**Excerpted data**
-*-*-

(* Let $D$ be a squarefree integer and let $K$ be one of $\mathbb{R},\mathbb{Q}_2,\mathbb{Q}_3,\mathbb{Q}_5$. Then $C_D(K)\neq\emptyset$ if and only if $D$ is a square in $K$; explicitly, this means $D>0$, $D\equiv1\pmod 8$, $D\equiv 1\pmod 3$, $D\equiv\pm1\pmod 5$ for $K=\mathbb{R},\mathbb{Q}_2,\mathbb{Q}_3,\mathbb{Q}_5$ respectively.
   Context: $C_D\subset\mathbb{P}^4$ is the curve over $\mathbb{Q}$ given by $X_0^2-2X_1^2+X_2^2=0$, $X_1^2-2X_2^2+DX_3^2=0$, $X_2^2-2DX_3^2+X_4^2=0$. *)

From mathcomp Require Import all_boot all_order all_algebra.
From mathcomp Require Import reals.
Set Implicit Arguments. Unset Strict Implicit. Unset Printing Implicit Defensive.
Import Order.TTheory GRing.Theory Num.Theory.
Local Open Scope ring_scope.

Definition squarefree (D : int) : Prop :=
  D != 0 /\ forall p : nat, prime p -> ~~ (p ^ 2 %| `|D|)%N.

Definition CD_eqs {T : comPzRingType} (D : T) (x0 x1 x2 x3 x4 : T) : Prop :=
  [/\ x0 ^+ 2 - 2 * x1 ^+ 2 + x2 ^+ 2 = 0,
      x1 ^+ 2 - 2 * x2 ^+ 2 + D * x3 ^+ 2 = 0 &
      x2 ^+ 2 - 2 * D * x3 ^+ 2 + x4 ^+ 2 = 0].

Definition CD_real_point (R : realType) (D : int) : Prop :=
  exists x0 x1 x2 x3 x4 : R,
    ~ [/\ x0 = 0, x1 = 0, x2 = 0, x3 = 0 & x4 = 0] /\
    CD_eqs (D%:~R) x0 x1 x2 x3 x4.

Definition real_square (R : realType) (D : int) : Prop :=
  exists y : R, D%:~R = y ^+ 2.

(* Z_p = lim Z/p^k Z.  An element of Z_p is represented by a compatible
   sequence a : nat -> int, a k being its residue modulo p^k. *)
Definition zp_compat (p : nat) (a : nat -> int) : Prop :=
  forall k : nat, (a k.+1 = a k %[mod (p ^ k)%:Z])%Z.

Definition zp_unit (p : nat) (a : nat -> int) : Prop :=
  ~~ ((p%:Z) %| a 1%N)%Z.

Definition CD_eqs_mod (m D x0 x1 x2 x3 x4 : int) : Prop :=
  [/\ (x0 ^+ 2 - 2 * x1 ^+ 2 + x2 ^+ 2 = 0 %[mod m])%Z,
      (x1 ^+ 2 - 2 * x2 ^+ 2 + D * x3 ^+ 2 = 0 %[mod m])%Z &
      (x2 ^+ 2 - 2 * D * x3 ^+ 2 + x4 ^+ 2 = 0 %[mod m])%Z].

-*-*-

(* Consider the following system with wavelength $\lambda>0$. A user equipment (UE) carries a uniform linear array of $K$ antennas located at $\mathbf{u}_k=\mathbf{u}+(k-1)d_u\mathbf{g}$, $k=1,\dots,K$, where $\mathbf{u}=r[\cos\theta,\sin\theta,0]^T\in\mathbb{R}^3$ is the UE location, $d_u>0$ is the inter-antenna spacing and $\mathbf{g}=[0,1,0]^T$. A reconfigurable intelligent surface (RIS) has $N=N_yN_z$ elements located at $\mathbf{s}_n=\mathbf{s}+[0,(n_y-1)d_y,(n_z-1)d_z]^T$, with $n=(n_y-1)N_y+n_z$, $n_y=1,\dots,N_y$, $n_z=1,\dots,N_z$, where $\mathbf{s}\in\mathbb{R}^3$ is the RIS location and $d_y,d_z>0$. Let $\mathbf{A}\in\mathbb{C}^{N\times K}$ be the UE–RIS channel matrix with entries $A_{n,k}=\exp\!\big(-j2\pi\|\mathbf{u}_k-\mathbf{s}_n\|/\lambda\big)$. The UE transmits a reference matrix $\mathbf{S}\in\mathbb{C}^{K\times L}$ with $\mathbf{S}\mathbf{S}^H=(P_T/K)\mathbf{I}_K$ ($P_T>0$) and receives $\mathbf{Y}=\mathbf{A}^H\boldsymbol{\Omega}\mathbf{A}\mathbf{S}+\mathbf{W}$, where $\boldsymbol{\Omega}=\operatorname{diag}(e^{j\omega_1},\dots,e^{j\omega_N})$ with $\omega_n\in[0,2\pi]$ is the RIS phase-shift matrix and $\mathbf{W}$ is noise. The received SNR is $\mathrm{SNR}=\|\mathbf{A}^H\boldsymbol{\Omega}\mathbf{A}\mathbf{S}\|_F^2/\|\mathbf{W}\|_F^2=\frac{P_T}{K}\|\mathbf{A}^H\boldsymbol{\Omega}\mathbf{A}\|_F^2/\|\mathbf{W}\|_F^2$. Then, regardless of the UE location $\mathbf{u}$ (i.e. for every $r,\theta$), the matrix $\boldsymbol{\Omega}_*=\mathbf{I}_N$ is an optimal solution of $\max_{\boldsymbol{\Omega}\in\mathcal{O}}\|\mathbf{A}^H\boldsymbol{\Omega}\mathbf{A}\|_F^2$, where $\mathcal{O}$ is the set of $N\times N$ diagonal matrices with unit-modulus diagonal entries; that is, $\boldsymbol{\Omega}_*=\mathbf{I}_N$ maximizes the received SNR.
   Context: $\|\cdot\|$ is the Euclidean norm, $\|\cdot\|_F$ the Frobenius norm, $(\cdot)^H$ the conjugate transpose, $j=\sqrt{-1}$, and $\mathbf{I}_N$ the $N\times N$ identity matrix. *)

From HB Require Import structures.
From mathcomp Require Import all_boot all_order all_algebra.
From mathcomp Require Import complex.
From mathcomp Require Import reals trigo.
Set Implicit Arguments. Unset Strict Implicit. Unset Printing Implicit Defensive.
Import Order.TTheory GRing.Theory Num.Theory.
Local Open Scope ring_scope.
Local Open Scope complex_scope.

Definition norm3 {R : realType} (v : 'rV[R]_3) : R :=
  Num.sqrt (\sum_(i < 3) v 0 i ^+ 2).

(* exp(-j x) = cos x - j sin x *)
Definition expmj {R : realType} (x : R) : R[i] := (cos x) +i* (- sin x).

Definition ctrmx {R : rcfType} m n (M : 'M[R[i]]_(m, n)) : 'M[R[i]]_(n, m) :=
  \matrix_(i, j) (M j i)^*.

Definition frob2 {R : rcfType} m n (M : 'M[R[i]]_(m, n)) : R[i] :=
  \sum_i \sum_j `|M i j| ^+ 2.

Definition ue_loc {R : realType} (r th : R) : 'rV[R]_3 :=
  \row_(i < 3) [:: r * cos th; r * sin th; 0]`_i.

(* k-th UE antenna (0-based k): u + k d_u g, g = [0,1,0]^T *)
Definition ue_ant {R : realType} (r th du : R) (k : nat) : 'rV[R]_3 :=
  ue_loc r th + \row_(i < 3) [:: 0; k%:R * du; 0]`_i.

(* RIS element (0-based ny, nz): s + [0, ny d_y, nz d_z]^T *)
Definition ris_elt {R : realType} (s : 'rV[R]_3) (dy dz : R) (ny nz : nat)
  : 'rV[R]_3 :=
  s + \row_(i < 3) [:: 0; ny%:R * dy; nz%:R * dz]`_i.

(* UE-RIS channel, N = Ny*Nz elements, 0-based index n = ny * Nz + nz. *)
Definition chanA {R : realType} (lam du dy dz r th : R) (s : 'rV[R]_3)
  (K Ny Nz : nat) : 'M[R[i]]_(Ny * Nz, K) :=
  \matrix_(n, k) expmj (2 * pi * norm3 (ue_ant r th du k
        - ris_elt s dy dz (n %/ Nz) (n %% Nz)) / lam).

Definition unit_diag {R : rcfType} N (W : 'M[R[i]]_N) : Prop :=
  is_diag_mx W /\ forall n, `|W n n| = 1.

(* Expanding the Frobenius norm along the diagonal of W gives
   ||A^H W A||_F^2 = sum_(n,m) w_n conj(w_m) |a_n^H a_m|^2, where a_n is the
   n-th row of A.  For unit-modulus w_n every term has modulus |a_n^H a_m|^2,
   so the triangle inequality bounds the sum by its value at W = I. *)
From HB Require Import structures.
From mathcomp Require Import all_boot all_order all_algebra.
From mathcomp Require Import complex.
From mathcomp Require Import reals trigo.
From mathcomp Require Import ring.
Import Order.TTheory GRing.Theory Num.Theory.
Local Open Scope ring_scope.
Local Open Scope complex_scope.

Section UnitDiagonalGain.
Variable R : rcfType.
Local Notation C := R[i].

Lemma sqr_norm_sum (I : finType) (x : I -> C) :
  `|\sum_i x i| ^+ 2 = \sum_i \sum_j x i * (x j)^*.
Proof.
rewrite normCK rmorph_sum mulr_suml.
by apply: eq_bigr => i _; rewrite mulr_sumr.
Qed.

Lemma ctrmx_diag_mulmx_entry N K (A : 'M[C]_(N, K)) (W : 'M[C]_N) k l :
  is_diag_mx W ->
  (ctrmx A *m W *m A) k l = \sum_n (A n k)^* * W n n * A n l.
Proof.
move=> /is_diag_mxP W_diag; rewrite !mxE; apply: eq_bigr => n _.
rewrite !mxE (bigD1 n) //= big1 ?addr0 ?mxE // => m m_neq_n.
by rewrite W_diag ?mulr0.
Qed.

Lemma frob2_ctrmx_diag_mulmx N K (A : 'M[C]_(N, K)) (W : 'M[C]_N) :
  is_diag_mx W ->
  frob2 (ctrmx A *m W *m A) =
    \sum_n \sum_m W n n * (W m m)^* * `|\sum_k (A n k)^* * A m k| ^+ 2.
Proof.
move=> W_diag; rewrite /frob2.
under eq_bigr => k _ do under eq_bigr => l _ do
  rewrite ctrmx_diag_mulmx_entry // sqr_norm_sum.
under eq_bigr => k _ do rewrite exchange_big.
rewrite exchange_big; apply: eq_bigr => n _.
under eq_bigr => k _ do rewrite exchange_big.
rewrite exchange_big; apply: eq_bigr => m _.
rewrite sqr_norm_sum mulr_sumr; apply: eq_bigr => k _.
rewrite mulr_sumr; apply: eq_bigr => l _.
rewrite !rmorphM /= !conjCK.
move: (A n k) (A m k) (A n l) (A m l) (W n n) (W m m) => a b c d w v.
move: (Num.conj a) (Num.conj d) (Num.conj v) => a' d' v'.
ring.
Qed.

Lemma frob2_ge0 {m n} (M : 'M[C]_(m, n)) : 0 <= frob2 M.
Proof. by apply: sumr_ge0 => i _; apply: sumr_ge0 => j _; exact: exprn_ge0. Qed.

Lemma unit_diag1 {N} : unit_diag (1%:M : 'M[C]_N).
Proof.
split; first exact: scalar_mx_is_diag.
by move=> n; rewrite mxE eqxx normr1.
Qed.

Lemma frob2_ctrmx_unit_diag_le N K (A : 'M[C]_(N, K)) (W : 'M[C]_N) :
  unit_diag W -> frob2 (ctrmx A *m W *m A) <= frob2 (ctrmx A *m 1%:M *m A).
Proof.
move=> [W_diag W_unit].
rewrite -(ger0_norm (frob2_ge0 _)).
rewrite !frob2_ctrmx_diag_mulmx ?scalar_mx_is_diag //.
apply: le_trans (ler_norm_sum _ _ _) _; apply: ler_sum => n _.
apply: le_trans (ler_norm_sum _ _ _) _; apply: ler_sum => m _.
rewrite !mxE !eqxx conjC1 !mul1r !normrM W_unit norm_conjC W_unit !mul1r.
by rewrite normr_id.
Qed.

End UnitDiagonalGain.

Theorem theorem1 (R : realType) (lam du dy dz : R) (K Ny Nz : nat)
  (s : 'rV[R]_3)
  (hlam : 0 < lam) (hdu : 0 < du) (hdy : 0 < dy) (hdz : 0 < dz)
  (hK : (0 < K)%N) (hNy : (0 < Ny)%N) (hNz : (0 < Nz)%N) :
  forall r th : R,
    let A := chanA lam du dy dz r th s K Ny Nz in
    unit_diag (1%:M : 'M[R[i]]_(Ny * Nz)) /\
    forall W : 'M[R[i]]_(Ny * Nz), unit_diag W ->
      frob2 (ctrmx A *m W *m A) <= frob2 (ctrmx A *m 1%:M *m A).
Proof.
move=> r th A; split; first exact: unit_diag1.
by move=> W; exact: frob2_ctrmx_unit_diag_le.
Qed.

-*-*-

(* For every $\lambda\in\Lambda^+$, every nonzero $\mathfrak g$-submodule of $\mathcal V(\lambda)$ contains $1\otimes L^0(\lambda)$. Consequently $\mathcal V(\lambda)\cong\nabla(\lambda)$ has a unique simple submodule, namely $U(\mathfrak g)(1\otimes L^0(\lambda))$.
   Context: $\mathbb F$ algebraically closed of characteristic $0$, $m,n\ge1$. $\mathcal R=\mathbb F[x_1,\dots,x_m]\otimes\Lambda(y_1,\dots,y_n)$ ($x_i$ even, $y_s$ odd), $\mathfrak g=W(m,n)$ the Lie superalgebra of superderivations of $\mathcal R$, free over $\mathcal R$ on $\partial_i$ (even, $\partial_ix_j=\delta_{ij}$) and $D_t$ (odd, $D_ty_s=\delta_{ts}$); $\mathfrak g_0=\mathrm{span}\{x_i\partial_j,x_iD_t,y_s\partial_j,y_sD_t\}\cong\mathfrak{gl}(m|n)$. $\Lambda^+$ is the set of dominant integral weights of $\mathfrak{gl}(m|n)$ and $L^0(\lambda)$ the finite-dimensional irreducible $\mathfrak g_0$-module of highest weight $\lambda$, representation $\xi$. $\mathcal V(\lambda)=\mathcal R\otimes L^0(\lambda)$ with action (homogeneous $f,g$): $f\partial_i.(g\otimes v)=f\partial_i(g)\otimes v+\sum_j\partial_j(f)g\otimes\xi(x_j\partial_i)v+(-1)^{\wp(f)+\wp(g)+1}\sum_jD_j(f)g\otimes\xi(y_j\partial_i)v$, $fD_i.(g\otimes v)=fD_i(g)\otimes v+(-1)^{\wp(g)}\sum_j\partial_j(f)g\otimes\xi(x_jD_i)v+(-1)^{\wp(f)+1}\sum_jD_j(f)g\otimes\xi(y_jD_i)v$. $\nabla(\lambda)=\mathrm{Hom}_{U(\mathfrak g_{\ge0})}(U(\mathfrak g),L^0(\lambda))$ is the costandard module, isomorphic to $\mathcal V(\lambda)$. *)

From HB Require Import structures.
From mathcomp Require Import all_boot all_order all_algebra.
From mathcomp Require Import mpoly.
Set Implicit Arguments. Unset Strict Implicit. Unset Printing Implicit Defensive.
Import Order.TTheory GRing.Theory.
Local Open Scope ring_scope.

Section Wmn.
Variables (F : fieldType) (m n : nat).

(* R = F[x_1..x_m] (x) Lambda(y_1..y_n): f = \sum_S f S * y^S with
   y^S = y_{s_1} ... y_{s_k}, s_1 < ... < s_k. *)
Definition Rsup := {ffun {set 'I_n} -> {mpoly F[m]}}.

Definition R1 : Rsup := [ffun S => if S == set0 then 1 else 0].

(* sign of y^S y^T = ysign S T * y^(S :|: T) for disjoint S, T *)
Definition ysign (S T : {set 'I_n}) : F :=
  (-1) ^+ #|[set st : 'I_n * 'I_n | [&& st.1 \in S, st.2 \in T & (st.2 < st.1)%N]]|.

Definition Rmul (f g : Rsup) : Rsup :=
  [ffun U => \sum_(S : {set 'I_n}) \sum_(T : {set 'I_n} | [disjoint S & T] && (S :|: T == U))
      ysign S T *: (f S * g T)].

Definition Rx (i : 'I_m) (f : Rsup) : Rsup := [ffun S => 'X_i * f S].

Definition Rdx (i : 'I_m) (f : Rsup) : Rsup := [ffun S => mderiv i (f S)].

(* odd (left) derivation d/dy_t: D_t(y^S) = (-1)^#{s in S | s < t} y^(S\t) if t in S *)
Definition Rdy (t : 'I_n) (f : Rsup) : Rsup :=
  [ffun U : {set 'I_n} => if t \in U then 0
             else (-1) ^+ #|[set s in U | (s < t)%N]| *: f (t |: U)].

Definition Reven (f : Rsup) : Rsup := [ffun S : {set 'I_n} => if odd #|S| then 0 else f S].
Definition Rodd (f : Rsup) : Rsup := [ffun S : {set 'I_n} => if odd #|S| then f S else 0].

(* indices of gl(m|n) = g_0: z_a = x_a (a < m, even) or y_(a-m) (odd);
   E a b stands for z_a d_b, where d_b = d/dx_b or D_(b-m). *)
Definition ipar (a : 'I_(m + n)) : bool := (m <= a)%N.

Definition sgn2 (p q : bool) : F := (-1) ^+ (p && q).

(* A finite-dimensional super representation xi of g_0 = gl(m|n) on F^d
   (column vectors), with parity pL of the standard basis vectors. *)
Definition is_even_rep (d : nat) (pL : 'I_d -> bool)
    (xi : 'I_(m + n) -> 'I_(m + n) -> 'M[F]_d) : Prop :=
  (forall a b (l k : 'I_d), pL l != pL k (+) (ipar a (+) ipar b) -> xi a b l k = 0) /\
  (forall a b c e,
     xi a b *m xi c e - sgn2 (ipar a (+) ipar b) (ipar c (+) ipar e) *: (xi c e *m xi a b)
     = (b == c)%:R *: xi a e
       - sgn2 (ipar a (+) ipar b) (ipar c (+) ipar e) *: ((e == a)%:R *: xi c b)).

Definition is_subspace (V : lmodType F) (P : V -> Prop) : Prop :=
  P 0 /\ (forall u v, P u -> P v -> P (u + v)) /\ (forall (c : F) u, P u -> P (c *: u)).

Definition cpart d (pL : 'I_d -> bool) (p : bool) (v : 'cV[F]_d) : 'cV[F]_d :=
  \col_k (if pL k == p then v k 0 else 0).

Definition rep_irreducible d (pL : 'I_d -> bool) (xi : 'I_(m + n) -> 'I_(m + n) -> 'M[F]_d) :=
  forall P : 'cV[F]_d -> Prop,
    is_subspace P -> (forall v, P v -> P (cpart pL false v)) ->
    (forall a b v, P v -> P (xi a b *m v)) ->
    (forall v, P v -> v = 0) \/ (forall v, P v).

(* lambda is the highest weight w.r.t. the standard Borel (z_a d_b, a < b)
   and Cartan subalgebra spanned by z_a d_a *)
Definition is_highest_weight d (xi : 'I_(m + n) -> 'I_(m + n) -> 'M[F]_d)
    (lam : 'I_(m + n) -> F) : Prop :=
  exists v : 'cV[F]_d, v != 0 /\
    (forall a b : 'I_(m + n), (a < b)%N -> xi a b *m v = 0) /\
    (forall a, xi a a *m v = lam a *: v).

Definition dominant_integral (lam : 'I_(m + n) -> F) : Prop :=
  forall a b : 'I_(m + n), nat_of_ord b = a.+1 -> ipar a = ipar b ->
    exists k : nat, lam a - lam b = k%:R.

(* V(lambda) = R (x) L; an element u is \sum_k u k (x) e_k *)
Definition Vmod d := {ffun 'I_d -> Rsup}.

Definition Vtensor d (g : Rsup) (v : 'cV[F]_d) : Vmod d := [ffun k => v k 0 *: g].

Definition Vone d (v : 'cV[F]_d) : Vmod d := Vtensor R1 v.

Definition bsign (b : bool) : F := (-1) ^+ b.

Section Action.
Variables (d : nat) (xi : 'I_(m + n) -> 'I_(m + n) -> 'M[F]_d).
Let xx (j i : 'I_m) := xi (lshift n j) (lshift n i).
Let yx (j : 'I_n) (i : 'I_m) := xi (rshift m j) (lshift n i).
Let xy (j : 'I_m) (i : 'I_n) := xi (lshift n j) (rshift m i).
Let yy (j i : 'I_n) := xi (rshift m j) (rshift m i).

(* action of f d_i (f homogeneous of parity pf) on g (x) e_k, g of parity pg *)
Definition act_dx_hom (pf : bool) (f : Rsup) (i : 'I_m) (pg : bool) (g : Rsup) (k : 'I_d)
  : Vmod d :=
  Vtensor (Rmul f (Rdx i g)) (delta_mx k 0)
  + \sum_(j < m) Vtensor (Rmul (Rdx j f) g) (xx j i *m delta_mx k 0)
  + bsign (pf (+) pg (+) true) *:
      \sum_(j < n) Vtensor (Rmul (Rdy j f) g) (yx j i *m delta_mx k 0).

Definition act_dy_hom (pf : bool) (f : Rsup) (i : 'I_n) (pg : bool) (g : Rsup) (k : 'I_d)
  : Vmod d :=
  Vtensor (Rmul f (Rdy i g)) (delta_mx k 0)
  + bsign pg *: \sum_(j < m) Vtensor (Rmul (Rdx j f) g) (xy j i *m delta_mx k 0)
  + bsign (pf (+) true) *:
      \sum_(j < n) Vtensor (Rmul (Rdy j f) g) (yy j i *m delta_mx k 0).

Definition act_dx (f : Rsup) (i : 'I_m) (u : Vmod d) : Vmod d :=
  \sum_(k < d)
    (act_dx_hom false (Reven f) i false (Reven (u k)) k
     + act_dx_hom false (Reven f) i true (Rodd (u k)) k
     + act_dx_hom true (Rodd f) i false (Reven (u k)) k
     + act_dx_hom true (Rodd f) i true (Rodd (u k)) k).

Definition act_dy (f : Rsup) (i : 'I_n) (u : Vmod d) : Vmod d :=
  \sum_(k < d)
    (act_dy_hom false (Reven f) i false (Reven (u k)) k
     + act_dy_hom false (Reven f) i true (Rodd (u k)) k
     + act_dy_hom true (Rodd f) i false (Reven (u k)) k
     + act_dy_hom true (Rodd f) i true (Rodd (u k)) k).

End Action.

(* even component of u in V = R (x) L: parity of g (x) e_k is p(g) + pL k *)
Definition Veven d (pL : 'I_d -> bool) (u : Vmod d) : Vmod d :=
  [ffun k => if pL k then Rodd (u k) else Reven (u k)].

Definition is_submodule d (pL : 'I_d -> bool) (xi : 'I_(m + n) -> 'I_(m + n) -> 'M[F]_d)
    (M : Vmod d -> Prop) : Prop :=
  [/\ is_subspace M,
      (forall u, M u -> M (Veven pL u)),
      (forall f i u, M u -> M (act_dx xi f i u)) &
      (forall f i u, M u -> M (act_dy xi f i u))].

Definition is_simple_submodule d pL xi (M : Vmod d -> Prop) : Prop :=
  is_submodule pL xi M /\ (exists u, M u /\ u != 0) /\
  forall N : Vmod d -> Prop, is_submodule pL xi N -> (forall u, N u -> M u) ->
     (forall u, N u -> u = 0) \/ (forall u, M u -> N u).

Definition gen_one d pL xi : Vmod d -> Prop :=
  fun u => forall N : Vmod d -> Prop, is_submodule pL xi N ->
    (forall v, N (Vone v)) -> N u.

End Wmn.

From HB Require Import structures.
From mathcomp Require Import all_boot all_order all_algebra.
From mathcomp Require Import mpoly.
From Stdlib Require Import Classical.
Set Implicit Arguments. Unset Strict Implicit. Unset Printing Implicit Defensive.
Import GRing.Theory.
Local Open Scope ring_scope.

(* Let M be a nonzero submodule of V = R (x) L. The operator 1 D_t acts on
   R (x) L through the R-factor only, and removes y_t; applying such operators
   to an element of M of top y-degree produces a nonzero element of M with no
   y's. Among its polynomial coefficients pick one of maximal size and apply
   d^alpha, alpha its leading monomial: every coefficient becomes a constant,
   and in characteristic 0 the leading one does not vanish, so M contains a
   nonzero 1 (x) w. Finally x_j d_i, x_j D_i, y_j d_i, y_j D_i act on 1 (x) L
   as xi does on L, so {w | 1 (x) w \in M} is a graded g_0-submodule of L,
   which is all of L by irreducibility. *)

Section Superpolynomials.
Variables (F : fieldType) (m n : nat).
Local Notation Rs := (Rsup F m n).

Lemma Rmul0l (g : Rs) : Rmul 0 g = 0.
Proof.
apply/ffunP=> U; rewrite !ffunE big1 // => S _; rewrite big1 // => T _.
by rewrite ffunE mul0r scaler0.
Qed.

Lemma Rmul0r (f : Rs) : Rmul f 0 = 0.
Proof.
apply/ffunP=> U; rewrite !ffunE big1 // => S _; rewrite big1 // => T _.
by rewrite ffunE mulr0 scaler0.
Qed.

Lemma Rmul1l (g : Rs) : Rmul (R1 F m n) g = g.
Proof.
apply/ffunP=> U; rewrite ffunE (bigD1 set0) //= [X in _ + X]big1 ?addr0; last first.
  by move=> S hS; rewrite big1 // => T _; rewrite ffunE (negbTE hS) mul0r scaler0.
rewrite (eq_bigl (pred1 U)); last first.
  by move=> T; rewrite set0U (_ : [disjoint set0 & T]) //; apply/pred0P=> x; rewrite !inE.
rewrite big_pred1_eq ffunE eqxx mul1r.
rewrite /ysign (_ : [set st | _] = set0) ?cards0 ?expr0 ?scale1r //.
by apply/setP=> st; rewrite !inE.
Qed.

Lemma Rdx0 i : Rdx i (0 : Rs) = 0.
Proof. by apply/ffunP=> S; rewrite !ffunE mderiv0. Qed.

-*-*-

**Task item**
Retype the portion of the data above that starts on the line with "k)^* * A m k| ^+ 2." and finishes on the line with "forall W : 'M[R[i]]_(Ny", including both of those lines.

**Expected answer**
    \sum_n \sum_m W n n * (W m m)^* * `|\sum_k (A n k)^* * A m k| ^+ 2.
Proof.
move=> W_diag; rewrite /frob2.
under eq_bigr => k _ do under eq_bigr => l _ do
  rewrite ctrmx_diag_mulmx_entry // sqr_norm_sum.
under eq_bigr => k _ do rewrite exchange_big.
rewrite exchange_big; apply: eq_bigr => n _.
under eq_bigr => k _ do rewrite exchange_big.
rewrite exchange_big; apply: eq_bigr => m _.
rewrite sqr_norm_sum mulr_sumr; apply: eq_bigr => k _.
rewrite mulr_sumr; apply: eq_bigr => l _.
rewrite !rmorphM /= !conjCK.
move: (A n k) (A m k) (A n l) (A m l) (W n n) (W m m) => a b c d w v.
move: (Num.conj a) (Num.conj d) (Num.conj v) => a' d' v'.
ring.
Qed.

Lemma frob2_ge0 {m n} (M : 'M[C]_(m, n)) : 0 <= frob2 M.
Proof. by apply: sumr_ge0 => i _; apply: sumr_ge0 => j _; exact: exprn_ge0. Qed.

Lemma unit_diag1 {N} : unit_diag (1%:M : 'M[C]_N).
Proof.
split; first exact: scalar_mx_is_diag.
by move=> n; rewrite mxE eqxx normr1.
Qed.

Lemma frob2_ctrmx_unit_diag_le N K (A : 'M[C]_(N, K)) (W : 'M[C]_N) :
  unit_diag W -> frob2 (ctrmx A *m W *m A) <= frob2 (ctrmx A *m 1%:M *m A).
Proof.
move=> [W_diag W_unit].
rewrite -(ger0_norm (frob2_ge0 _)).
rewrite !frob2_ctrmx_diag_mulmx ?scalar_mx_is_diag //.
apply: le_trans (ler_norm_sum _ _ _) _; apply: ler_sum => n _.
apply: le_trans (ler_norm_sum _ _ _) _; apply: ler_sum => m _.
rewrite !mxE !eqxx conjC1 !mul1r !normrM W_unit norm_conjC W_unit !mul1r.
by rewrite normr_id.
Qed.

End UnitDiagonalGain.

Theorem theorem1 (R : realType) (lam du dy dz : R) (K Ny Nz : nat)
  (s : 'rV[R]_3)
  (hlam : 0 < lam) (hdu : 0 < du) (hdy : 0 < dy) (hdz : 0 < dz)
  (hK : (0 < K)%N) (hNy : (0 < Ny)%N) (hNz : (0 < Nz)%N) :
  forall r th : R,
    let A := chanA lam du dy dz r th s K Ny Nz in
    unit_diag (1%:M : 'M[R[i]]_(Ny * Nz)) /\
    forall W : 'M[R[i]]_(Ny * Nz), unit_diag W ->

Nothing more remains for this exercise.